However, it is an unprofitable labor-intensive business model, with more than 75% of the cost going to drivers. Uber’s (NYSE:UBER), and other ridesharing companies, path to profitability is to replace the cost of drivers with autonomous driving. This will be the new autonomous ride services model.

Uber is valued at $46 billion but has yet to earn a profit and most likely won’t until it replaces its drivers with autonomous driving. Autonomous ride services will also expand the ridesharing market with significantly lower prices. So the strategic question for Uber is will it be able to make this transition, or will new better-positioned competitors seize the opportunity?

A few months ago, I wrote a popular SA article, ‘Notable Progress At Cruise Increases GM’s Value’. I described the unique opportunity to invest in GM (NYSE:GM) and get the enormous potential of Cruise as a bonus. This is still the opportunity, but I won’t repeat the article here. Instead, I’ll compare GM’s Cruise to Uber in the upcoming battle for the new autonomous ridesharing business. There are also other companies involved in the competition. Lyft is in a similar situation as Uber and has a similar strategy. New Autonomous Ride Services companies include Waymo (GOOG), which is a co-leader in the new market with Cruise, as well as Ford/Argo (F), Aurora, Zoox, Motional, and possibly Apple (AAPL). I expect Waymo to be very successful, but the investment opportunity is lower because of Alphabet’s higher valuation of $1.4 Trillion is much more than GM’s $50 billion.

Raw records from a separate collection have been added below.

(* Off [T] the values of [f] above [lam] are finitely many and below [fstar f m], so they
   stay below some [mu < fstar f m]; more than [m] values of [f] exceed [mu]. *)
Lemma vanish_on_distribution_le_S : (forall t, ~ In t T -> Rabs (f t) < fstar f m) ->
  distribution_le (vanish_on T f) (tail (S m) (fstar f)).
Proof.
  intros Hoff lam Hlam j Hat. destruct (Rle_or_lt (fstar f m) lam) as [Hle|Hlt].
  { apply atmost_vanish_on_above; auto. apply incl_refl. }
  destruct (atmost_vanish_on_below lam j Hlam Hlt Hat) as [l [_ Hl]].
  destruct (finite_gap_below (fun n => Rabs (f n)) _ l (fstar f m) Hl) as [mu0 [Hmu0 Hbelow]].
  { intros n Hn; apply level_set_vanish_on in Hn as [_ HnT]; auto. }
  set (mu := Rmax mu0 lam).
  assert (Hmu : lam <= mu /\ mu0 <= mu /\ mu < fstar f m)
    by (unfold mu; split; [apply Rmax_r|split; [apply Rmax_l|apply Rmax_lub_lt; auto]]).
  apply (atmost_disjoint_sub (level_set f mu) _ (level_set f lam) m j).
  - unfold level_set; intros n; lra.
  - intros n Hn; apply level_set_vanish_on in Hn; tauto.
  - intros n Hn Hn'. specialize (Hbelow n Hn'). unfold level_set in Hn; simpl in Hbelow; lra.
  - apply atmost_tail_fstar_iff; auto.
  - apply fstar_gt_iff; lra.
Qed.

End CutOffStep.

Lemma exists_vanish_on_distribution_le m :
  exists T, distribution_le (vanish_on T f) (tail m (fstar f)).
Proof.
  induction m as [|m [T HT]].
  - exists nil. intros lam Hlam j Hat.
    apply (atmost_tail_fstar_iff 0 j lam Hlam) in Hat. revert Hat; apply atmost_incl.
    intros n Hn; apply level_set_vanish_on in Hn; tauto.
  - destruct (classic (exists t, ~ In t T /\ fstar f m <= Rabs (f t)))
      as [[t [HtT Ht]]|Hno].
    + exists (t :: T); apply vanish_on_cons_distribution_le; auto.
    + exists T; apply vanish_on_distribution_le_S; auto.
      intros t HtT; apply Rnot_le_lt; intros Ht; eauto.
Qed.

Lemma tail_distribution_le_tail_fstar m :
  exists k, distribution_le (tail k f) (tail m (fstar f)).
Proof.
  destruct (exists_vanish_on_distribution_le m) as [T HT]. exists (S (list_max T)).
  apply (distribution_le_abs _ (vanish_on T f)); auto.
  intros n. unfold tail, vanish_on. destruct (in_dec Nat.eq_dec n T) as [HnT|HnT].
  - apply in_le_list_max in HnT.
    replace (Nat.leb (S (list_max T)) n) with false by (symmetry; apply Nat.leb_gt; lia).
    lra.
  - destruct (Nat.leb _ n); [lra|]. rewrite Rabs_R0; apply Rabs_pos.
Qed.

End Rearrangement.

Lemma fstar_le_of_distribution_le (g h : seqR) :
  (exists B, forall n, Rabs (g n) <= B) -> (exists B, forall n, Rabs (h n) <= B) ->
  distribution_le g h -> forall i, fstar g i <= fstar h i.
Proof.
  intros Hg Hh Hgh i. apply Rnot_gt_le; intros Hc.
  set (lam := (fstar g i + fstar h i) / 2).
  assert (Hlam : 0 <= lam) by (pose proof (fstar_ge0 h Hh i); unfold lam; lra).
  apply (proj1 (fstar_gt_iff g Hg i lam Hlam)); [unfold lam; lra|].
  apply Hgh; auto. apply NNPP. rewrite <- (fstar_gt_iff h Hh i lam Hlam). unfold lam; lra.
Qed.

We’ll start by looking at how Uber perceives the opportunity and threat of autonomous driving and then at its strategy. I’ll define the platform required for delivering autonomous ride services and show the advantages Cruise has over Uber. Finally, I’ll summarize the unique opportunity to invest in GM with Cruise as a bonus.

Uber

Uber is a large global business that is worth $46 billion but has yet to make a profit. In its first quarter of this year, Uber had $26.5 billion of gross bookings but only $6.8 billion in revenue. The other $20 billion went to its drivers, including the cost of driver vehicles. It charges approximately $16 – $35 (depending on the level of service and the city) for a typical 7-mile trip ($2.25 – $5.00 per mile). The driver gets $12 on the $16 plus a tip, with some of this payment covering the cost of the driver’s vehicle. The cost of a driver’s vehicle for that trip is estimated at $5, using IRS mileage reimbursement rates and additional miles for the pick-up.

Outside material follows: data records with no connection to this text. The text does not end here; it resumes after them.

Theorem lemma4p1 :
  (forall (m n : nat) (i : 'I_m.+1), 1 <= m ->
     @expansion m (ProdS (Delta m) (Delta n)) (hornprodL n i)) /\
  (forall (m n : nat) (j : 'I_n.+1), 1 <= n ->
     @expansion n (ProdS (Delta m) (Delta n)) (hornprodR m j)).
Proof.
split=> [m n i m_gt0 | m n j n_gt0].
  apply: (@expansion_of_outside_horn m n m n (fun p => p.1) (fun p => p.2)
    (fun x y => (x, y)) i) => //.
  exact: hornprodL_outside.
apply: (@expansion_of_outside_horn m n n m (fun p => p.2) (fun p => p.1)
  (fun y x => (x, y)) j) => //.
- by move=> p q; rewrite /le_pt andbC.
- exact: hornprodR_outside.
Qed.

This leaves Uber with only $4 per trip. This equates to $6.8 billion in revenue this quarter, but its expenses were higher, so it lost money. Uber is also under a lot of pressure to increase driver compensation, especially by classifying them as employees with additional benefits and taxes.

Uber, and other ridesharing companies, also have safety issues with a small portion of their drivers. According to the Washington Post (12/5/19), Uber disclosed that 3,000 sexual assaults were reported on its US rides in 2018. According to NPR (10/22/21), Lyft received an increasing number of reports of sexual assault, including more than 1,800 in 2019, according to a company safety report. These cases may have reduced in recent years, but the safety issue may remain a concern for some riders. Autonomous vehicles won’t have these risks.

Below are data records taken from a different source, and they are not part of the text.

(* For $n\ge 3$ and $1\le m\le n-2$, $$a(n,m)=(n-1)\,a(n-1,m-1)+a(n-1,m).$$
   Context: For $k\ge 2$, $A_k$ is the alternating group on $\{1,\dots,k\}$, $T(A_k)=\{(1\,2)(i\,j)\mid 1\le i<j\le k\}$, and for $v\in A_k$, $\ell_{T(A_k)}(v)=\min\{r\ge 0\mid v=t_1\cdots t_r,\ t_i\in T(A_k)\}$. $a(k,m)$ denotes the number of $v\in A_k$ with $\ell_{T(A_k)}(v)=m$. *)

From mathcomp Require Import all_boot all_fingroup.
From mathcomp Require Import alt.
Set Implicit Arguments. Unset Strict Implicit. Unset Printing Implicit Defensive.
Local Open Scope group_scope.

(* Points {1,...,k} are represented by 'I_k = {0,...,k-1} (point p <-> p-1). *)

Definition TA (k : nat) : {set {perm 'I_k}} :=
  [set t | [exists a : 'I_k, exists b : 'I_k, exists i : 'I_k, exists j : 'I_k,
     [&& val a == 0%N, val b == 1%N, (i < j)%N & t == tperm a b * tperm i j]]].

Definition prodT (k r : nat) (v : {perm 'I_k}) : bool :=
  [exists s : r.-tuple {perm 'I_k},
     all (fun t => t \in TA k) s && (v == \prod_(t <- s) t)].

Definition lenT_eq (k : nat) (v : {perm 'I_k}) (m : nat) : bool :=
  prodT m v && [forall r : 'I_m, ~~ prodT (val r) v].

Definition a_count (k m : nat) : nat :=
  #|[set v in ('Alt_('I_k))%g | lenT_eq v m]|.

From mathcomp Require Import all_boot all_fingroup alt.
From mathcomp Require Import zify.
Set Implicit Arguments. Unset Strict Implicit. Unset Printing Implicit Defensive.
Local Open Scope group_scope.

(* Let s = (1 2) and c(v) the number of cycles of v.  Every generator is s(i j),
   and multiplying by a transposition changes c by one, so
   g(v) = max(c(v), c(s v)) drops by at most one per generator; since g(1) = n,
   l(v) >= n - g(v).  Conversely an even v moving n factors uniquely as
   s(j n) u with u fixing n, and then g(v) = g(u) - 1, while an even v fixing n
   has the same g-defect n - g(v) as its restriction to {1..n-1}; by induction
   l(v) = n - g(v).  The same dichotomy splits A_n into a copy of A_(n-1)
   (l unchanged) and n-1 copies of A_(n-1) (l raised by one). *)

Section Cycles.

Variable T : finType.
Implicit Types (s : {perm T}) (x y : T).

Definition ncycles s := #|porbits s|.

Lemma ncycles_le_card s : (ncycles s <= #|T|)%N.
Proof. exact: leq_imset_card. Qed.

Lemma porbit_fixed s y : s y = y -> porbit s y = [set y].
Proof.
move=> sy; apply/setP => z; rewrite inE; apply/porbitP/eqP => [[i ->]|->].
  by rewrite permX iter_fix.
by exists 0; rewrite expg0 perm1.
Qed.

Lemma ncycles1 : ncycles 1 = #|T|.
Proof.
rewrite /ncycles /porbits card_imset // => x y.
by rewrite !porbit_fixed ?perm1 // => /set1_inj.
Qed.

Lemma leq_ncycles_mul_tperm x y s : (ncycles s <= (ncycles (tperm x y * s)).+1)%N.
Proof.
have := porbits_mul_tperm s x y; rewrite /ncycles /=.
case: eqVneq => [->|_]; first by rewrite porbit_id /=; lia.
by case: (x \in _) => /=; lia.
Qed.

Lemma ncycles_mul_tperm_fixed x y s : s y = y -> x != y ->
  (ncycles (tperm x y * s)).+1 = ncycles s.
Proof.
move=> sy nxy; have := porbits_mul_tperm s x y.
by rewrite /ncycles /= porbit_fixed // inE nxy /=; lia.
Qed.

End Cycles.

Section LiftLast.

Variable n : nat.
Implicit Types (u w : {perm 'I_n}).

Definition lift_last u : {perm 'I_n.+1} := lift_perm ord_max ord_max u.

Lemma lift_last_max u : lift_last u ord_max = ord_max.
Proof. exact: lift_perm_id. Qed.

Lemma lift_last_lift u x : lift_last u (lift ord_max x) = lift ord_max (u x).
Proof. exact: lift_perm_lift. Qed.

Lemma lift_lastM u w : lift_last (u * w) = lift_last u * lift_last w.
Proof. by rewrite /lift_last lift_permM. Qed.

Lemma lift_last1 : lift_last 1 = 1.
Proof. exact: lift_perm1. Qed.

Lemma lift_lastX u i : lift_last (u ^+ i) = lift_last u ^+ i.
Proof.
elim: i => [|i IH]; first by rewrite !expg0 lift_last1.
by rewrite !expgSr lift_lastM IH.
Qed.

Lemma lift_last_prod (l : seq {perm 'I_n}) :
  lift_last (\prod_(t <- l) t) = \prod_(t <- map lift_last l) t.
Proof. by rewrite big_map; apply: (big_morph _ lift_lastM lift_last1). Qed.

Lemma lift_last_inj : injective lift_last.
Proof.
move=> u w euw; apply/permP => x; apply: (@lift_inj _ ord_max).
by rewrite -!lift_last_lift euw.
Qed.

Lemma lift_last_tperm (x y : 'I_n) :
  lift_last (tperm x y) = tperm (lift ord_max x) (lift ord_max y).
Proof.
apply/permP => z; case: (unliftP ord_max z) => [z'|] ->.
  by rewrite lift_last_lift inj_tperm //; apply: lift_inj.
by rewrite lift_last_max tpermD // eq_sym neq_lift.
Qed.

Lemma odd_lift_last u : odd_perm (lift_last u) = odd_perm u.
Proof. by rewrite /lift_last odd_lift_perm addbb. Qed.

Lemma lift_last_Alt u : (lift_last u \in 'Alt_('I_n.+1)) = (u \in 'Alt_('I_n)).
Proof. by rewrite !Alt_even odd_lift_last. Qed.

Lemma lift_last_fixed (w : {perm 'I_n.+1}) : w ord_max = ord_max ->
  exists u, w = lift_last u.
Proof.
move=> wN; pose f x := odflt x (unlift ord_max (w (lift ord_max x))).
have liftf x : lift ord_max (f x) = w (lift ord_max x).
  have : ord_max != w (lift ord_max x) by rewrite -{1}wN (inj_eq perm_inj) neq_lift.
  by case/unlift_some => j e1 e2; rewrite /f e2 /= -e1.
have f_inj : injective f.
  by move=> x y /(congr1 (lift ord_max)); rewrite !liftf => /perm_inj /lift_inj.
exists (perm f_inj); apply/permP => z; case: (unliftP ord_max z) => [z'|] ->.
  by rewrite lift_last_lift permE liftf.
by rewrite lift_last_max.
Qed.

Are AVs an Uber opportunity?

Autonomous vehicles allow Uber to make money by eliminating the cost of drivers. It could take back most of that other 75% when are no drivers to pay.

It can also expand its market by lowering prices. Uber predicts that a cost per mile reduction to $1, which is feasible with autonomous vehicles, could increase its market opportunity by 25X to more than $1 trillion in the US alone.

Market at Lower Prices

Projection of Market (Uber Investor Day Presentation 2022)

This all depends on Uber making a successful transition to autonomous driving before or better than others. If it doesn’t, autonomous ride services could displace ridesharing and threaten its future.

Or a Threat!

Uber acknowledged this threat in its 2021 10-K.

If we fail to offer autonomous vehicle technologies on our platform or fail to offer such technologies on our platform before our competitors, or if such technologies fail to perform as expected, are inferior to those offered by our competitors, or are perceived as less safe than those offered by competitors or non-autonomous vehicles, our financial performance and prospects would be adversely impacted.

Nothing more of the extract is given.